Everything from the first line of the material below through the line containing "intros m Hnm." is to be printed exactly, and nothing more.

**DATA FOR PROCESSING**
*-*-*

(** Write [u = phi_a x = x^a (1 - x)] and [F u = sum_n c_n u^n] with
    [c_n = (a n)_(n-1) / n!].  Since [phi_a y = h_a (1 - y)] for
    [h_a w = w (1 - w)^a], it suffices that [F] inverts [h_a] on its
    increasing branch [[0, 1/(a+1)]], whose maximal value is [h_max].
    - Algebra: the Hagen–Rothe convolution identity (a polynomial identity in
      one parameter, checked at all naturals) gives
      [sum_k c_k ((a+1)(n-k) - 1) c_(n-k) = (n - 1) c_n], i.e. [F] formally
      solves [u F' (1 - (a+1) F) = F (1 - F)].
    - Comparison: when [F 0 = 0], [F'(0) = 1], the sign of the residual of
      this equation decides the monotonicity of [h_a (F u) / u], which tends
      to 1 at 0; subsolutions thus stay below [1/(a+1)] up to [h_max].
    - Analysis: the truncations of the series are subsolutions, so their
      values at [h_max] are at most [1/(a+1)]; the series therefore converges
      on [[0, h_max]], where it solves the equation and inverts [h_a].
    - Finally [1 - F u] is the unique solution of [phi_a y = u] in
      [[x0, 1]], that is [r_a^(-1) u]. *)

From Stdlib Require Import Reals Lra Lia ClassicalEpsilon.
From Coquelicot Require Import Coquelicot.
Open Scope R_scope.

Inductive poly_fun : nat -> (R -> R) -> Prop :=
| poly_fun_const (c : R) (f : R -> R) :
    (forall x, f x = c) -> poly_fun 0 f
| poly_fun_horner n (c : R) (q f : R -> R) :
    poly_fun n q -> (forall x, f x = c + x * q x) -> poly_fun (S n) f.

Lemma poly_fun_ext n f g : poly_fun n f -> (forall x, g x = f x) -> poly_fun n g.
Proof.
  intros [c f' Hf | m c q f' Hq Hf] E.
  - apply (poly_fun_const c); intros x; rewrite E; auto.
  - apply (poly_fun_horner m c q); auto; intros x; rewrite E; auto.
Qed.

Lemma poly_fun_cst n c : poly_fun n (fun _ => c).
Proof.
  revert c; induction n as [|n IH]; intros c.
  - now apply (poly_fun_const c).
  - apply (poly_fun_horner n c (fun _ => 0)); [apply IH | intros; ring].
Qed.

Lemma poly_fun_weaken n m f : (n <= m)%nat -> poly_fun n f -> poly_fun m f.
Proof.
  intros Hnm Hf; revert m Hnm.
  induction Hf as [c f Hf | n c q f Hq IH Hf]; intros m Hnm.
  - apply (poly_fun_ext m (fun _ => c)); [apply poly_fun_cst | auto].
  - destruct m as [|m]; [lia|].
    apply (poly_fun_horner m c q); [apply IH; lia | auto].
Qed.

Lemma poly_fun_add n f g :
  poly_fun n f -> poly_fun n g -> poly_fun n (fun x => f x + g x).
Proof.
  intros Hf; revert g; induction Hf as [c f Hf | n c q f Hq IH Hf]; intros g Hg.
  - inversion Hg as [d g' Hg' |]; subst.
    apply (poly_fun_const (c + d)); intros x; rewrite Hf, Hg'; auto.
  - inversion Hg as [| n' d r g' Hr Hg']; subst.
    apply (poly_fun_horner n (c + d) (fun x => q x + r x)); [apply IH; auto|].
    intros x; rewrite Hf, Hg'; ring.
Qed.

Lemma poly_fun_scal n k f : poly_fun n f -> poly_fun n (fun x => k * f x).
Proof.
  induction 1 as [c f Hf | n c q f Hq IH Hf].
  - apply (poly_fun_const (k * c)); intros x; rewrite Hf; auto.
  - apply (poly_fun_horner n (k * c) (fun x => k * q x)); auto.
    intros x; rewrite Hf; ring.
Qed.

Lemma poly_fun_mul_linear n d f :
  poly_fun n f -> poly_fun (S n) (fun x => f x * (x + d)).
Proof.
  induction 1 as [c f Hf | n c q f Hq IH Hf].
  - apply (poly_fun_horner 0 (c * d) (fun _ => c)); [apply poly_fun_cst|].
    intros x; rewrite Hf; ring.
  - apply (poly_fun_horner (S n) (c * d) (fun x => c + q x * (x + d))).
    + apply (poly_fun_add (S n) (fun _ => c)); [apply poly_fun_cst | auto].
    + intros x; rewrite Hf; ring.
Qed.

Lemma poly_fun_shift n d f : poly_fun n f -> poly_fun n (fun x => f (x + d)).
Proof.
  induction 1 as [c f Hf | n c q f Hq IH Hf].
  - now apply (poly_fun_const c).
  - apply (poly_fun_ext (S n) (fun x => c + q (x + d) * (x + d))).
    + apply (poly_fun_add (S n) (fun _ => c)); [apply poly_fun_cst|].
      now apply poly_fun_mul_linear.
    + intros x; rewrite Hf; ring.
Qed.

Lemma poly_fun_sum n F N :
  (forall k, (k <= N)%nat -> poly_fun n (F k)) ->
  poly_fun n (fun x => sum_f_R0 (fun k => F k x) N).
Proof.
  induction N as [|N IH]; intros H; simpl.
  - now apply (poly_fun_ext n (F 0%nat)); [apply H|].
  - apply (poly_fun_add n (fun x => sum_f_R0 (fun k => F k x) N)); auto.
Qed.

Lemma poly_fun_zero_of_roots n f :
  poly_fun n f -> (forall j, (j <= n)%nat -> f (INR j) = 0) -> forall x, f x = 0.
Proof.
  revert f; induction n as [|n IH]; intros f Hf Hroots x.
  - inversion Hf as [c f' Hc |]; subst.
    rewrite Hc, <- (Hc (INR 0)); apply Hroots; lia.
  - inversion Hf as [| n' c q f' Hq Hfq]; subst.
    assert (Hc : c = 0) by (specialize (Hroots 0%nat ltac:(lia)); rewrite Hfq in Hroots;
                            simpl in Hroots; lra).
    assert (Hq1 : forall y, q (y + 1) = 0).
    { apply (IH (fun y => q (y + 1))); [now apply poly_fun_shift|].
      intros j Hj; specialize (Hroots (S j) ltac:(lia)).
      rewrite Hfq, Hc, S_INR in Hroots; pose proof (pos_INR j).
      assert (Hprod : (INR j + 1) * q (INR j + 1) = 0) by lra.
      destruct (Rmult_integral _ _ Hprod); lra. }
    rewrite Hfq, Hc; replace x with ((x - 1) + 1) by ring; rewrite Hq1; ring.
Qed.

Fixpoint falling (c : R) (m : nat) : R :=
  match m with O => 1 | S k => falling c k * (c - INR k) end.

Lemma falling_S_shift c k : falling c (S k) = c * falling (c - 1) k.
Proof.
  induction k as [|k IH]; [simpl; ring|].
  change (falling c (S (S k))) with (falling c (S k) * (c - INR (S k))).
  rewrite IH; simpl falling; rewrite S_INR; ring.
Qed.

*-*-*

**RESULT OF THIS TASK**
(** Write [u = phi_a x = x^a (1 - x)] and [F u = sum_n c_n u^n] with
    [c_n = (a n)_(n-1) / n!].  Since [phi_a y = h_a (1 - y)] for
    [h_a w = w (1 - w)^a], it suffices that [F] inverts [h_a] on its
    increasing branch [[0, 1/(a+1)]], whose maximal value is [h_max].
    - Algebra: the Hagen–Rothe convolution identity (a polynomial identity in
      one parameter, checked at all naturals) gives
      [sum_k c_k ((a+1)(n-k) - 1) c_(n-k) = (n - 1) c_n], i.e. [F] formally
      solves [u F' (1 - (a+1) F) = F (1 - F)].
    - Comparison: when [F 0 = 0], [F'(0) = 1], the sign of the residual of
      this equation decides the monotonicity of [h_a (F u) / u], which tends
      to 1 at 0; subsolutions thus stay below [1/(a+1)] up to [h_max].
    - Analysis: the truncations of the series are subsolutions, so their
      values at [h_max] are at most [1/(a+1)]; the series therefore converges
      on [[0, h_max]], where it solves the equation and inverts [h_a].
    - Finally [1 - F u] is the unique solution of [phi_a y = u] in
      [[x0, 1]], that is [r_a^(-1) u]. *)

From Stdlib Require Import Reals Lra Lia ClassicalEpsilon.
From Coquelicot Require Import Coquelicot.
Open Scope R_scope.

Inductive poly_fun : nat -> (R -> R) -> Prop :=
| poly_fun_const (c : R) (f : R -> R) :
    (forall x, f x = c) -> poly_fun 0 f
| poly_fun_horner n (c : R) (q f : R -> R) :
    poly_fun n q -> (forall x, f x = c + x * q x) -> poly_fun (S n) f.

Lemma poly_fun_ext n f g : poly_fun n f -> (forall x, g x = f x) -> poly_fun n g.
Proof.
  intros [c f' Hf | m c q f' Hq Hf] E.
  - apply (poly_fun_const c); intros x; rewrite E; auto.
  - apply (poly_fun_horner m c q); auto; intros x; rewrite E; auto.
Qed.

Lemma poly_fun_cst n c : poly_fun n (fun _ => c).
Proof.
  revert c; induction n as [|n IH]; intros c.
  - now apply (poly_fun_const c).
  - apply (poly_fun_horner n c (fun _ => 0)); [apply IH | intros; ring].
Qed.

Lemma poly_fun_weaken n m f : (n <= m)%nat -> poly_fun n f -> poly_fun m f.
Proof.
  intros Hnm Hf; revert m Hnm.
  induction Hf as [c f Hf | n c q f Hq IH Hf]; intros m Hnm.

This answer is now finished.